Back again with another Dev Diary for Project Grand Vault.

Havenlock City is the Hub that players return to inbetween ruin runs in Project Grand Vault. As you would imagine there are several ingame shops for players to buy equipment, and prepare for their adventures. Lately I have been neck deep in User Interfaces and the systems/interactions that they involve,this is breakdown on our Shop System.

ShopLook

CONCEPT
Most shops in Havenlock city will only give the players options to BUY, some will offer you to SELL and even fewer will offer CRAFTING. These 3 options pretty much increase in complexity respectively. One of the shops that will offer all 3 is the Junk Shop, owned by the vendor Floyd.

PLAN
Building off of our previous work involving the interactions with other actors (including conversations) we can proceed to build a the necessary GUI (or Widgets in UE4) elements that are required. Below you can see a picture of the flow between actors.

Plan

ITEM STRUCTURE
Our item pickups contain a structure of variables that help define the specific item.

ItemStructure


Above you can see the structure of variables. This structure is applied to all Item Actors and their data is populated. On Character overlap these actors information is passed onto the active character and is added to the their Inventory. The active character's Inventory is actually an array of our Item Structure.

ADDING ITEMS
To add items to our inventory for example from buying items or crafting we can simply spawn the actor with its information at our active character's location and it will be added to their inventory.

AddItemsBP


But the complex part is limiting the quantity the player can purchase based off of available item space and meeting cost requirements for the items.
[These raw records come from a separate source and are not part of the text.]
Lemma nE_indic_le (A B : set Omega) : measurable A -> measurable B -> A `<=` B ->
  nE (\1_A : Omega -> R) <= nE (\1_B : Omega -> R).
Proof.
move=> mA mB AB; apply: (nE_le HE (E_indic HE mA) (E_indic HE mB)) => t.
by rewrite !ger0_norm ?indicE ?ler0n // -!indicE le_indic.
Qed.

Lemma nE_indic_decr_small (F : nat -> set Omega) :
  (forall n, measurable (F n)) -> (forall m n, (m <= n)%N -> F n `<=` F m) ->
  mu (\bigcap_n F n) = 0%E ->
  forall e, 0 < e -> exists n, nE (\1_(F n) : Omega -> R) < e.
Proof.
move=> mF F_decr null e e0.
have below_indic_null y : E y -> (forall n, ae_le mu y \1_(F n)) ->
    ae_le mu y (fun _ => 0).
  move=> _ yF; have off_cap : \forall t \ae mu, ~ (\bigcap_n F n) t.
    exists (\bigcap_n F n); split => //; first exact: bigcapT_measurable mF.
    by move=> t /= /contrapT.
  apply: filterS2 (ae_foralln yF) off_cap => t yFt not_cap.
  have [n Fnt] : exists n, ~ F n t.
    apply: contrapT => all_F; apply: not_cap => n _.
    by apply: contrapT => ?; apply: all_F; exists n.
  by apply: le_trans (yFt n) _; rewrite indicE memNset.
have [n small] := E_ordcont HE (le := fun m n => (m <= n)%N)
  (x := fun n => \1_(F n)) (ex_intro _ 0%N I) leqnn (fun i j k => @leq_trans j i k)
  (fun i j => ex_intro _ (maxn i j) (conj (leq_maxl i j) (leq_maxr i j)))
  (fun n => E_indic HE (mF n))
  (fun m n mn => aeW _ (fun t => @le_indic _ R _ _ t (F_decr m n mn)))
  (fun n => aeW _ (fun t => ler0n _ _)) below_indic_null e0.
by exists n; exact: small.
Qed.

Lemma nE_indic_small_measure e : 0 < e -> exists2 eta : R, 0 < eta &
  forall D, measurable D -> (mu D <= eta%:E)%E -> nE (\1_D : Omega -> R) <= e.
Proof.
move=> e0; apply: contrapT => no_eta.
have large_indic k : exists D, [/\ measurable D,
    (mu D <= (((2 ^ k.+1)%:R)^-1)%:E)%E & e < nE (\1_D : Omega -> R)].
  apply: contrapT => noD; apply: no_eta.
  exists ((2 ^ k.+1)%:R)^-1; first by rewrite invr_gt0 ltr0n expn_gt0.
  by move=> D mD muD; rewrite leNgt; apply/negP => eD; apply: noD; exists D.
have [C hC] := choice large_indic.
have mC k : measurable (C k) by case: (hC k).
pose F n := \bigcup_k C (k + n)%N.
have mF n : measurable (F n) by apply: bigcupT_measurable => k.
have F_decr m n : (m <= n)%N -> F n `<=` F m.
  by move=> mn t [k _ Ct]; exists (k + (n - m))%N => //; rewrite -addnA subnK.
have muF n : (mu (F n) <= (((2 ^ n)%:R)^-1)%:E)%E.
  apply: measure_bigcup_le_halves => [|k|k]; first by rewrite invr_ge0 ler0n.
    exact: mC.
  case: (hC (k + n)%N) => _ muC _; apply: le_trans muC _.
  by rewrite lee_fin -addSn expnD natrM invfM mulrC.
have null : mu (\bigcap_n F n) = 0%E.
  apply/eqP; rewrite eq_le measure_ge0 andbT; apply/lee_addgt0Pr => r r0.
  have [n small] := exists_inv_pow2_lt r0.
  apply: le_trans (le_measure mu (mem_set (bigcapT_measurable mF)) (mem_set (mF n))
    (fun t (cap : (\bigcap_n F n) t) => cap n I)) _.
  by rewrite add0e; apply: le_trans (muF n) _; rewrite lee_fin ltW.
have [n small] := nE_indic_decr_small mF F_decr null e0.
case: (hC n) => _ _; apply/negP; rewrite -leNgt; apply: le_trans (ltW small).
by apply: nE_indic_le => // t Cnt; exists 0%N.
Qed.

End AbsoluteContinuity.

(** * Disjoint sequences *)

Lemma sum_inv_pow2_tail_le (R : realType) (N L : nat) :
  \sum_(k < L | (N <= k)%N) ((2 ^ k)%:R : R)^-1 <= 2 * ((2 ^ N)%:R)^-1.
Proof.
suff : \sum_(k < L | (N <= k)%N) ((2 ^ k)%:R : R)^-1 + 2 * ((2 ^ maxn N L)%:R)^-1
    <= 2 * ((2 ^ N)%:R)^-1.
  by apply: le_trans; rewrite lerDl mulr_ge0 // invr_ge0 ler0n.
elim: L => [|L IH]; first by rewrite big_ord0 add0r maxn0.
rewrite big_mkcond big_ord_recr /= -big_mkcond.
case: (leqP N L) => NL; last first.
  by rewrite (maxn_idPl (ltnW NL)) in IH; rewrite addr0 (maxn_idPl NL).
rewrite (maxn_idPr (leqW NL)) -addrA; rewrite (maxn_idPr NL) in IH.
suff -> : ((2 ^ L)%:R : R)^-1 + 2 * ((2 ^ L.+1)%:R)^-1 = 2 * ((2 ^ L)%:R)^-1 by [].
by rewrite expnS natrM invfM mulrA mulfV ?mul1r ?pnatr_eq0 // -mulr2n mulr_natl.
Qed.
For this I had some fuzzy logic to work out. Check out a snippet of the BP

AddQtyCheck


While not the visually most intimating BP this for me was a struggle to find the right logic. Praise be to print strings

REMOVING ITEMS
Thankfully removing items for discard, or selling is far easier. No limits on QTY or check for required funds. We simply populate the item class and the qty we want removed. If selling we add the value for those items to their wallet. Pretty straight forward.

RemoveItems

The neat part is all of this data is pulled form the Item Structure!


With that in place we can execute our plan.

CHARACTER -> SHOP MENU
Using our existing character interaction source code, we create a new character actor, and set the initial components. As of right now we don't have a model for Floyd, so for now we will use our Police Officer with a blue grid material.

FloydMesh


Once we interact with him it launches our Dialogue Tree which then leads to the opening of our Junk SHOP MENU. Below you can see the flow of the instructions that drive this interaction.

FloydBP

From this point here it was just a matter of setting up the Widget elements to work with and drive the logic we dictated above. Until we eventually reached the results in the video below.

And there we have it. I hope you guys enjoyed a look into the crafting of the buy/selling system for Project Grand Vault.